Son hyperphagie ne sera jamais guérie à 100 %. Mais l’opération physique et les soins psychologiques lui permettent de contrôler ses rages de nourriture.

Sa cicatrice suite à son opération.
Photo Amélie St-Yves
Sa cicatrice suite à son opération.

Elle a perdu 130 livres dans les premiers huit mois, pendant lesquels elle s’est mise à la course à pied. Au début, elle courait 15 secondes et marchait deux minutes.

Véronique Germain a couru son premier cinq kilomètres officiel dans une course de groupe en mai 2016.

« Dans le dernier bout, il y a souvent des enfants qui viennent encourager leur mère ou leur père avec des pancartes où il est écrit de ne pas lâcher, qu’il reste juste 500 mètres ou 300 mètres. J’ai braillé tout le long », raconte-t-elle en riant. À l’automne 2017, elle a couru son premier 10 kilomètres.

Santé

Aujourd’hui, Véronique Germain se lève à 5 h 30 la semaine pour courir un 3 km chaque matin, et fait un 5 ou un 10 kilomètres le samedi.

Ses troubles de santé sont presque tous réglés, sauf l’asthme, qui précédait son obésité. Elle est cependant restée stérile, même si ses règles ont repris. Ç’a été un autre gros choc pour elle.

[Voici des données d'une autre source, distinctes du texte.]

Lemma inNJ_J a : J a -> inNJ J a.
Proof.
by move=> Ja; exists [:: a]; [exact: List.Forall_cons | rewrite /= mulg1; exact: eqH_refl].
Qed.

Lemma inNJ_mul u v : inNJ J u -> inNJ J v -> inNJ J (u * v).
Proof.
move=> [l1 J1 E1] [l2 J2 E2]; exists (l1 ++ l2); first exact/List.Forall_app.
have Nv := inNJ_N (ex_intro2 _ _ l2 J2 E2).
by rewrite wprod_cat; apply: eqH_trans (eqH_mul2r Nv E1) (eqH_mul2l _ E2).
Qed.

Lemma inNJ_invg u : inNJ J u -> inNJ J u^-1.
Proof.
case=> l Jl [h Hh ->]; have Sl := List.Forall_impl _ JS Jl.
exists (rev l); first exact: Forall_rev.
rewrite invgM; have [h' Hh' ->] := HN_swap (HV Hh) (NV (wprodN Sl)).
exact: eqH_trans (eqH_mulH _ Hh') (wprod_rev Sl).
Qed.

End ParabolicWords.

Lemma N_word n : N n -> inNJ S n.
Proof.
apply: (N_gen (K := inNJ S)); last exact: inNJ_H.
  by do !split; [exact: inNJ_H H1 | exact: inNJ_mul | exact: inNJ_invg].
exact: inNJ_J.
Qed.

(** * The length function *)

Lemma word_ofP n k :
  word_of H S n k <-> exists l, [/\ size l = k, Forall S l & eqH n (wprod l)].
Proof.
split=> [[l [h [sz [Sl [Hh E]]]]] | [l [sz /List.Forall_forall Sl [h Hh E]]]].
  by exists l; split=> //; [exact/List.Forall_forall | exists h].
by exists l, h.
Qed.

(* [len n] is the least length of a word in [S] representing [n] modulo [H];
   it is the junk value 0 when no such word exists, i.e. outside [N]. *)
Lemma len_exists n :
  exists k, asbool (word_of H S n k) || ~~ asbool (exists k, word_of H S n k).
Proof.
case: (asboolP (exists k, word_of H S n k)) => [[k w] | _]; last by exists 0; rewrite orbT.
by exists k; apply/orP; left; apply/asboolP.
Qed.

Definition len n : nat := ex_minn (len_exists n).

Lemma len_reduced n : N n ->
  exists l, [/\ Forall S l, size l = len n & eqH n (wprod l)].
Proof.
move=> Nn; rewrite /len; case: ex_minnP => k + _.
case: asboolP => [/word_ofP[l [sz Sl E]] _ | _]; first by exists l.
case: asboolP => // [[]]; have [l Sl E] := N_word Nn.
by exists (size l); apply/word_ofP; exists l.
Qed.

Lemma len_le_size n l : Forall S l -> eqH n (wprod l) -> len n <= size l.
Proof.
move=> Sl E; rewrite /len; case: ex_minnP => k _; apply.
have w : word_of H S n (size l) by apply/word_ofP; exists l.
by rewrite (introT (asboolP _) w).
Qed.

Lemma len_wprod_le l : Forall S l -> len (wprod l) <= size l.
Proof. by move=> Sl; apply: len_le_size Sl (eqH_refl _). Qed.

Lemma len_eqH a b : N b -> eqH a b -> len a = len b.
Proof.
have le_len x y : N y -> eqH x y -> len x <= len y.
  move=> Ny Exy; have [l [Sl <- Ey]] := len_reduced Ny.
  exact: len_le_size Sl (eqH_trans Exy Ey).
move=> Nb Eab; apply/eqP; rewrite eqn_leq le_len //=.
exact: le_len (eqH_N Nb Eab) (eqH_sym Eab).
Qed.

Lemma len_mulH n h : N n -> H h -> len (n * h) = len n.
Proof. by move=> Nn Hh; apply: len_eqH Nn (eqH_mulH _ Hh). Qed.

Lemma len_Hmul n h : N n -> H h -> len (h * n) = len n.
Proof. by move=> Nn Hh; have [h' Hh' ->] := HN_swap Hh Nn; exact: len_mulH. Qed.

Lemma len_H h : H h -> len h = 0.
Proof.
move=> Hh; apply/eqP; rewrite -leqn0; apply: (@len_le_size _ [::]) => //.
by rewrite /= -(mul1g h); exact: eqH_mulH.
Qed.

Lemma len0_H n : N n -> len n = 0 -> H n.
Proof.
move=> Nn E; have [[|a l] [_ sz [h Hh ->]]] := len_reduced Nn; last by rewrite E in sz.
by rewrite mul1g.
Qed.

Lemma len_mul_le a b : N a -> N b -> len (a * b) <= len a + len b.
Proof.
move=> Na Nb; have [la [Sa <- Ea]] := len_reduced Na; have [lb [Sb <- Eb]] := len_reduced Nb.
rewrite -size_cat; apply: len_le_size; first exact/List.Forall_app.
rewrite wprod_cat; apply: eqH_trans (eqH_mul2r Nb Ea) _; exact: eqH_mul2l.
Qed.

Lemma len_invg n : N n -> len n^-1 = len n.
Proof.
have le_len m : N m -> len m^-1 <= len m.
  move=> Nm; have [l [Sl <- [h Hh ->]]] := len_reduced Nm.
  rewrite -size_rev; apply: len_le_size (Forall_rev Sl) _.
  rewrite invgM; have [h' Hh' ->] := HN_swap (HV Hh) (NV (wprodN Sl)).
  exact: eqH_trans (eqH_mulH _ Hh') (wprod_rev Sl).
move=> Nn; apply/eqP; rewrite eqn_leq le_len //=.
by have := le_len _ (NV Nn); rewrite invgK.
Qed.

Lemma len_S s : S s -> len s = 1%N.
Proof.
move=> Ss; apply/eqP; rewrite eqn_leq; apply/andP; split.
  by have := len_wprod_le (List.Forall_cons _ Ss (List.Forall_nil _)); rewrite /= mulg1.
by rewrite lt0n; apply/eqP => /(len0_H (SN Ss)); exact: S_notH.
Qed.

« Au début, je n’étais même pas capable d’aller voir des amies qui venaient d’accoucher, à l’hôpital. Mais maintenant, je suis correcte, mon deuil est fait », dit-elle.

Véronique Germain fait de la course chaque matin.
Photo Amélie St-Yves

Une autre étape difficile du cheminement a été les surplus de peau.

Pour être honnête, Véronique Germain se trouvait plus jolie ronde qu’avec un tablier, mais depuis sa chirurgie du mois de mai au ventre, une bonne partie de ce problème est réglé et elle ne s’empêchera pas de porter un bikini cet été.


Elle écrit un livre

Elle écrit actuellement un livre sur son histoire et continue d’alimenter régulièrement sa page Facebook Journal d’une hyperphagique, sur laquelle on peut la suivre.

Plus de femmes

L’organisme Anorexie et Boulimie Québec n’a pas de statistique sur l’hyperphagie boulimique, à part que deux hommes pour cinq femmes sont répertoriés. Le trouble n’est reconnu dans le Manuel diagnostique et statistique des troubles mentaux (DSM-5) que depuis 2013.